*WORK TO BE COMPLETED*
Would you restate the entries below word for word, starting at the first line and ending with the one that has "have dz : deg"?

EXTRACTED RECORDS Start Marker

(* d^(k+1) x (.) C, for C of weight -1 - k: for k = 0 it is x \star C; for
   larger k, (d^k x (.) D) \star z = d^(k+1) x (.) D (.) z plus monomials
   d^k x (.) d(D) (.) z, which are generated by induction on k. *)
Lemma SGD_lead_der k x C : (size C < n)%N -> (k.+1 + deg C)%N = size C ->
  in_SGD (monom ((k.+1, x) :: C, 0%N)).
Proof.
elim: k x C => [|k IHk] x C Cn wC.
  by rewrite -sgd_gen_monom; apply: SGD_sgd (SGD_gen K x) (IH _ _); lia.
have [|z zC] := @has_order0 C; first lia.
have [D [pC dC sC]] := perm_remove zC; rewrite /= in dC.
have lowD : in_SGD (monom ((k.+1, x) :: D, 0%N)) by apply: IH; rewrite ?deg_cons /=; lia.
have expand := SGD_sgd lowD (SGD_gen K z); rewrite sgd_monom_gen /= in expand.
have rest : in_SGD [seq ((1 : K), (r ++ [:: (0%N, z)], 0%N))
                   | r <- [seq (k.+1, x) :: r' | r' <- der_seq D]].
  apply: SGD_all => _ /mapP [_ /mapP [r rD ->] ->].
  have [dr sr] := der_seq_deg rD.
  have dz : deg [:: (0%N, z)] = 0%N by rewrite /deg big_seq1.
  by apply: IHk; rewrite size_cat sr ?deg_cat ?dz ?dr /=; lia.
apply: SGD_mon_eq (SGD_sub_head expand rest).
by rewrite /mon_eq eqxx andbT /= perm_cons cats1 perm_rcons perm_sym.
Qed.

(* Without *-products: either a single generator x, or some factor is
   differentiated and the previous lemma applies. *)
Lemma SGD_odot_step s : (size s <= n)%N -> (deg s).+1 = size s ->
  in_SGD (monom (s, 0%N)).
Proof.
move=> sn ws; have [s1|s_gt1] : size s = 1%N \/ (1 < size s)%N by lia.
  case: s s1 ws {sn} => [|[k y] [|]] //= _; rewrite deg_cons /deg big_nil /= => ws.
  have -> : k = 0%N by lia.
  exact: SGD_gen.
have [|k [x xs]] := @has_pos_order s; first lia.
have [D [ps ds ss]] := perm_remove xs.
apply: (@SGD_mon_eq ((k.+1, x) :: D, 0%N)); first by rewrite /mon_eq /= perm_sym ps eqxx.
rewrite /= in ds; apply: SGD_lead_der; lia.
Qed.

End GenerationStep.

Lemma SGD_weightN1_monom s t : (deg s + t).+1 = size s -> in_SGD (monom (s, t)).
Proof.
elim: {s}_.+1 {-2}s t (ltnSn (size s)) => // n IH s [|t]; rewrite ltnS => sn ws.
  by rewrite addn0 in ws; exact: (@SGD_odot_step n IH s).
exact: (@SGD_star_step n IH s t).
Qed.

(* Sufficiency: f agrees coefficientwise with the sum of its weight -1 terms,
   each of which is a multiple of a generated monomial. *)
Lemma SGD_of_weightN1 (f : elt) :
  (forall m, coef f m != 0 -> wt m = -1) -> in_SGD f.
Proof.
move=> fw; have filt : in_SGD [seq p <- f | wt p.2 == -1].
  apply: SGD_all => p; rewrite mem_filter => /andP[/eqP /wt_eqN1 wp _].
  have := SGD_scale p.1 (SGD_weightN1_monom wp).
  by rewrite /elt_scale /= mulr1 -!surjective_pairing.
apply: (SGD_ext filt) => m.
rewrite (@coef_filter (fun a => wt a == -1)) => [|a b /mon_eq_wt ->] //.
by case: eqP => // wm; apply/esym/eqP/contraT => /fw.
Qed.

End WeightCharacterisation.

Theorem mainTheorem6 (disp : Order.disp_t) (X : orderType disp) (K : fieldType)
    (charK0 : [pchar K] =i pred0)
    (f : elt X K) (f_valid : all (fun p => mon_valid p.2) f) :
  in_SGD f <-> (forall m : mon X, coef f m != 0 -> wt m = -1).
Proof.
split; last exact: SGD_of_weightN1.
by move=> /SGD_homogeneous f_wt m; apply: contraNeq => /f_wt ->.
Qed.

EXTRACTED RECORDS End Marker

*RESPONSE BOX*
(* d^(k+1) x (.) C, for C of weight -1 - k: for k = 0 it is x \star C; for
   larger k, (d^k x (.) D) \star z = d^(k+1) x (.) D (.) z plus monomials
   d^k x (.) d(D) (.) z, which are generated by induction on k. *)
Lemma SGD_lead_der k x C : (size C < n)%N -> (k.+1 + deg C)%N = size C ->
  in_SGD (monom ((k.+1, x) :: C, 0%N)).
Proof.
elim: k x C => [|k IHk] x C Cn wC.
  by rewrite -sgd_gen_monom; apply: SGD_sgd (SGD_gen K x) (IH _ _); lia.
have [|z zC] := @has_order0 C; first lia.
have [D [pC dC sC]] := perm_remove zC; rewrite /= in dC.
have lowD : in_SGD (monom ((k.+1, x) :: D, 0%N)) by apply: IH; rewrite ?deg_cons /=; lia.
have expand := SGD_sgd lowD (SGD_gen K z); rewrite sgd_monom_gen /= in expand.
have rest : in_SGD [seq ((1 : K), (r ++ [:: (0%N, z)], 0%N))
                   | r <- [seq (k.+1, x) :: r' | r' <- der_seq D]].
  apply: SGD_all => _ /mapP [_ /mapP [r rD ->] ->].
  have [dr sr] := der_seq_deg rD.
  have dz : deg [:: (0%N, z)] = 0%N by rewrite /deg big_seq1.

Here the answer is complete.